Today, large amount of audio and video content (in the following also referred to as AV-content) is made available in online media centers and on various media, such as DVD and Blu-Ray. The AV-content is provided with metadata allowing a user to comfortably browse the AV-content on a content based basis, e. g. by selecting different topics of interest, certain actors, scenes or the like. Nowadays, audio and video content, e. g. a Hollywood film, is often generated using digital recording technology. Accordingly, the AV-content is available as digital data. The AV-content may be subject of further digital post-processing steps such as cutting, enhancement of audio and video quality and generation of metadata. Apart from new productions, there is a large amount of AV-content which is still available on classical analogue media only. These media have to be digitalized, for example by scanning the respective movie rolls and by converting the scanned information into suitable digital media formats. During or after these digitalization steps, metadata may be generated to provide a future user with content based user menus etc.
A variety of image processing algorithms is available for editing AV-content. Widely known image processing algorithms are those for measuring the quality of AV-content, for example with respect to noise, contrast, brightness and sharpness. Further image processing algorithms are used for improving the quality of the AV-content. For example, dirt detection and removal and scratch detection and removal may be performed. More complex image processing algorithms that mainly focus on generation of metadata are scene and shot detection algorithms including the selection of key frames for the respective scene or shot. An overview of image processing algorithms is for example given in “Scene detection in Hollywood movies and TV shows” by Zeeshan Rasheed and Mubarak Shan. Further image processing algorithms which focus on generation of metadata are for example: face detection, face clustering and face recognition.

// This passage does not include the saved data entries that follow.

Lemma rate_bound_off_extend U k a c y z : measurable U ->
  rate_bound_off U k a c y -> y <= z -> c * (z - y) <= k z - k y ->
  rate_bound_off U k a c z.
Proof.
move=> mU [n [p [q [pq_in pq_sorted pq_len kya]]]] yz kzy.
exists n, p, q; split => //.
- by move=> i /pq_in [? [? qy]]; do 2!split => //; exact: le_trans qy yz.
- apply: (le_trans pq_len); apply: le_measure; rewrite ?inE.
  + by apply: measurableI => //; exact: measurable_itv.
  + by apply: measurableI => //; exact: measurable_itv.
  + apply: setIS => x /=; rewrite !in_itv /= => /andP[-> xy] /=; lra.
- by move: kya kzy; rewrite !mulrBr; lra.
Qed.

Lemma rate_bound_off_skip U k a c y z : measurable U ->
  rate_bound_off U k a c y -> a <= y -> y <= z -> `]y, z] `<=` U ->
  rate_bound_off U k a c z.
Proof.
move=> mU [n [p [q [pq_in pq_sorted pq_len kya]]]] ay yz yzU.
exists n.+1, (fun i => if i == n then y else p i), (fun i => if i == n then z else q i).
rewrite !big_ord_recr /= eqxx.
under eq_bigr => i _ do rewrite ltn_eqF //.
under [X in _ - (X + _) <= _]eq_bigr => i _ do rewrite ltn_eqF //.
split.
- move=> i; rewrite ltnS leq_eqVlt => /orP[/eqP->|iln]; first by rewrite eqxx.
  by rewrite ltn_eqF //; have [? [? ?]] := pq_in i iln; do 2!split => //; lra.
- move=> i; rewrite ltnS => iln; rewrite ltn_eqF //.
  case: eqP => [_|/eqP ne]; first by have [_ []] := pq_in i iln.
  by apply: pq_sorted; rewrite ltn_neqAle ne iln.
- rewrite EFinD; apply: le_trans (leeD pq_len (lexx _)) _.
  exact: lebesgue_measure_setI_itv.
- by have := ler_norm (k y - k z); rewrite distrC; move: kya; lra.
Qed.

Lemma rate_bound_off_derive U k a b c : a <= b -> open U ->
  (forall s, a <= s <= b -> ~ U s -> derivable k s 1 /\ c < derive1 k s) ->
  rate_bound_off U k a c b.
Proof.
move=> ab oU kd; have mU := open_measurable oU.
apply: real_induction ab (rate_bound_off_refl _ _ _ _) _ => s asb.
have [Us|nUs] := pselect (U s).
- have /nbhs_ballP [d d0 ballU] := oU s Us.
  exists d => // y z /andP[ay ys] syd Py /andP[sz _] zsd.
  apply: rate_bound_off_skip mU Py ay (le_trans ys sz) _ => x /=.
  rewrite in_itv /= => /andP[yx xz]; apply: ballU.
  by rewrite -ball_normE /ball_ /= ltr_norml; apply/andP; split; lra.
- have [dk ck] := kd s asb nUs.
  have [d d0 inc] := derive1_gt_increment dk ck.
  exists d => // y z /andP[_ ys] syd Py /andP[sz _] zsd.
  by apply: rate_bound_off_extend mU Py (le_trans ys sz) (inc y z _ _); rewrite ?syd ?sz.
Qed.

Lemma lebesgue_negligible_set1 x : mu.-negligible [set x].
Proof. by apply/negligibleP => //; exact: lebesgue_measure_set1. Qed.

Lemma abs_cont_on_increment_ge {T : R} {k a b c} :
  0 <= a -> a < b -> b <= T -> abs_cont_on T k ->
  {ae mu, forall x, a < x < b -> derivable k x 1 /\ c < derive1 k x} ->
  c * (b - a) <= k b - k a.
Proof.
move=> a0 ab bT kac kd.
suff approx e : 0 < e -> c * (b - a) - (`|c| + 1) * e <= k b - k a.
  apply/ler_addgt0Pr => e e0; have c1 : 0 < `|c| + 1 by have := normr_ge0 c; lra.
  have := approx (e / (`|c| + 1)) (divr_gt0 e0 c1).
  by rewrite [(`|c| + 1) * _]mulrC divfK ?gt_eqF //; lra.
move=> e0; have [d d0 kd_small] := kac e e0.
pose m := Num.min d e; have m0 : 0 < m by rewrite lt_min d0 e0.
have [md me] : m <= d /\ m <= e by split; rewrite ge_min lexx ?orbT.
pose E := ~` [set x | a < x < b -> derivable k x 1 /\ c < derive1 k x] `|` [set a; b].
have nE : mu.-negligible E.
  apply: negligibleU; first exact: kd.
  by apply: negligibleU; exact: lebesgue_negligible_set1.
have m2 : 0 < m / 2 by rewrite divr_gt0.
have [U [oU EU muU]] := negligible_open_cover nE m2.
have [n [p [q [pq_in pq_sorted pq_len kba]]]] : rate_bound_off U k a c b.
  apply: rate_bound_off_derive (ltW ab) oU _ => s /andP[a_s sb] nUs.
  have nEs : ~ E s by move/EU.
  have sa : s != a by apply/eqP => es; apply: nEs; right; left.
  have sb' : s != b by apply/eqP => es; apply: nEs; right; right.
  have sab : a < s < b by rewrite !lt_neqAle a_s sb eq_sym sa sb'.
  by apply: contrapT => nd; apply: nEs; left => /(_ sab).
have len_ge0 : 0 <= \sum_(i < n) (q i - p i).
  by apply: sumr_ge0 => i _; have [_ [? _]] := pq_in i (ltn_ord i); rewrite subr_ge0.
have len_small : \sum_(i < n) (q i - p i) <= m / 2.
  rewrite -lee_fin (le_trans pq_len) // (le_trans _ muU) //.
  apply: le_measure; rewrite ?inE; [|exact: open_measurable|exact: subIsetl].
  by apply: measurableI; [exact: open_measurable|exact: measurable_itv].
have var_small : \sum_(i < n) `|k (q i) - k (p i)| < e.
  apply: kd_small => //; last lra.
  by move=> i /pq_in [? [? ?]]; split; [lra|split => //; lra].
have : c * \sum_(i < n) (q i - p i) <= `|c| * e.
  rewrite (le_trans (ler_norm _)) // normrM (ger0_norm len_ge0).
  by apply: ler_wpM2l; [exact: normr_ge0|lra].
by move: kba; rewrite mulrDl mul1r; lra.
Qed.

End rate_bound.

Lemma abs_cont_onB {R : realType} (T : R) (g1 g2 : R -> R) :
  abs_cont_on T g1 -> abs_cont_on T g2 -> abs_cont_on T (g1 - g2).
Proof.
move=> g1ac g2ac e e0.
have [d1 d10 g1small] := g1ac _ (divr_gt0 e0 (ltr0n _ 2)).
have [d2 d20 g2small] := g2ac _ (divr_gt0 e0 (ltr0n _ 2)).
exists (Num.min d1 d2) => [|n a b ab_in ab_sorted]; first by rewrite lt_min d10 d20.
rewrite lt_min => /andP[l1 l2].
have := g1small n a b ab_in ab_sorted l1; have := g2small n a b ab_in ab_sorted l2.
suff : \sum_(i < n) `|(g1 - g2) (b i) - (g1 - g2) (a i)| <=
   \sum_(i < n) `|g1 (b i) - g1 (a i)| + \sum_(i < n) `|g2 (b i) - g2 (a i)|.
  lra.
rewrite -big_split /=; apply: ler_sum => i _.
have -> : (g1 - g2) (b i) - (g1 - g2) (a i) =
    (g1 (b i) - g1 (a i)) - (g2 (b i) - g2 (a i)) by rewrite !fctE /=; ring.
exact: ler_normB.
Qed.

Section deviation.
Context {R : realType} {T : R} {w dw : R -> R}.
Hypothesis wc : {within I0T T, continuous w}.
Hypothesis dwc : {within I0T T, continuous dw}.
Hypothesis wd : forall t, 0 < t < T -> is_derive t 1 w (dw t).

Lemma deviation_lt {x y : R} : 0 <= x -> x < y -> y <= T ->
  (forall z, x < z < y -> 0 < dw z) -> w x < w y.
Proof.
move=> x0 xy yT; apply: is_derive_gt0_lt => //.
  apply: continuous_subspaceW wc => z /=; rewrite in_itv /= => /andP[xz zy].
  by rewrite /I0T /=; apply/andP; split; lra.
by move=> z /andP[xz zy]; apply: wd; apply/andP; split; lra.
Qed.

However, due to the large amount of raw data which has to be processed during reconditioning or reworking of the AV-content, high processing power or long processing time is necessary for reconditioning or quality checking the AV-content and/or for generation of metadata for the respective AV-content.
It is an object of the invention to provide a method and a processing cluster for processing audio and video content and to provide a use of a computer cluster for execution of image processing algorithms which allow a faster and more effective processing of audio and video content.
In one aspect of the invention, a method for processing audio and video content (within the context of this specification also referred to as AV-content) comprising a plurality of video frames is provided. Processing of the AV-content, for example a cinema movie, a television program, show or report, is performed by application of a plurality of different image processing algorithms. By way of an example only, these different image processing algorithms may be noise, contrast, brightness and/or sharpness detecting algorithms for performing a quality check of the AV-content and/or algorithms for quality improvement such as dirt detection and removal and scratch detection and removal. Further video processing algorithms may be face detection, face clustering and/or face recognition as well as image processing algorithms for detecting missing frames or drop outs in the AV-content.
According to aspects of the invention, the image processing algorithms are classified as a function of their image processing characteristic. The image processing characteristic is a function of a number of frames of the AV-content which are required for performing the respective algorithm. There are certain image processing algorithms which may be executed on a single frame of AV-content. Such an image processing algorithm is for example brightness or sharpness detection. Further image processing algorithms are executed on a plurality of frames, e. g. on a shot or a scene of the AV-content. Examples for these image processing algorithms are: face detection and face clustering. According to further aspects of the invention, temporal video segmentation of the AV-content is performed. Due to the temporal video segmentation, the AV-content is segmented into a plurality of separate scenes and sub-scene segments. Each of the preferably subsequent scenes comprises further preferably at least one sub-scene segment having a plurality of frames.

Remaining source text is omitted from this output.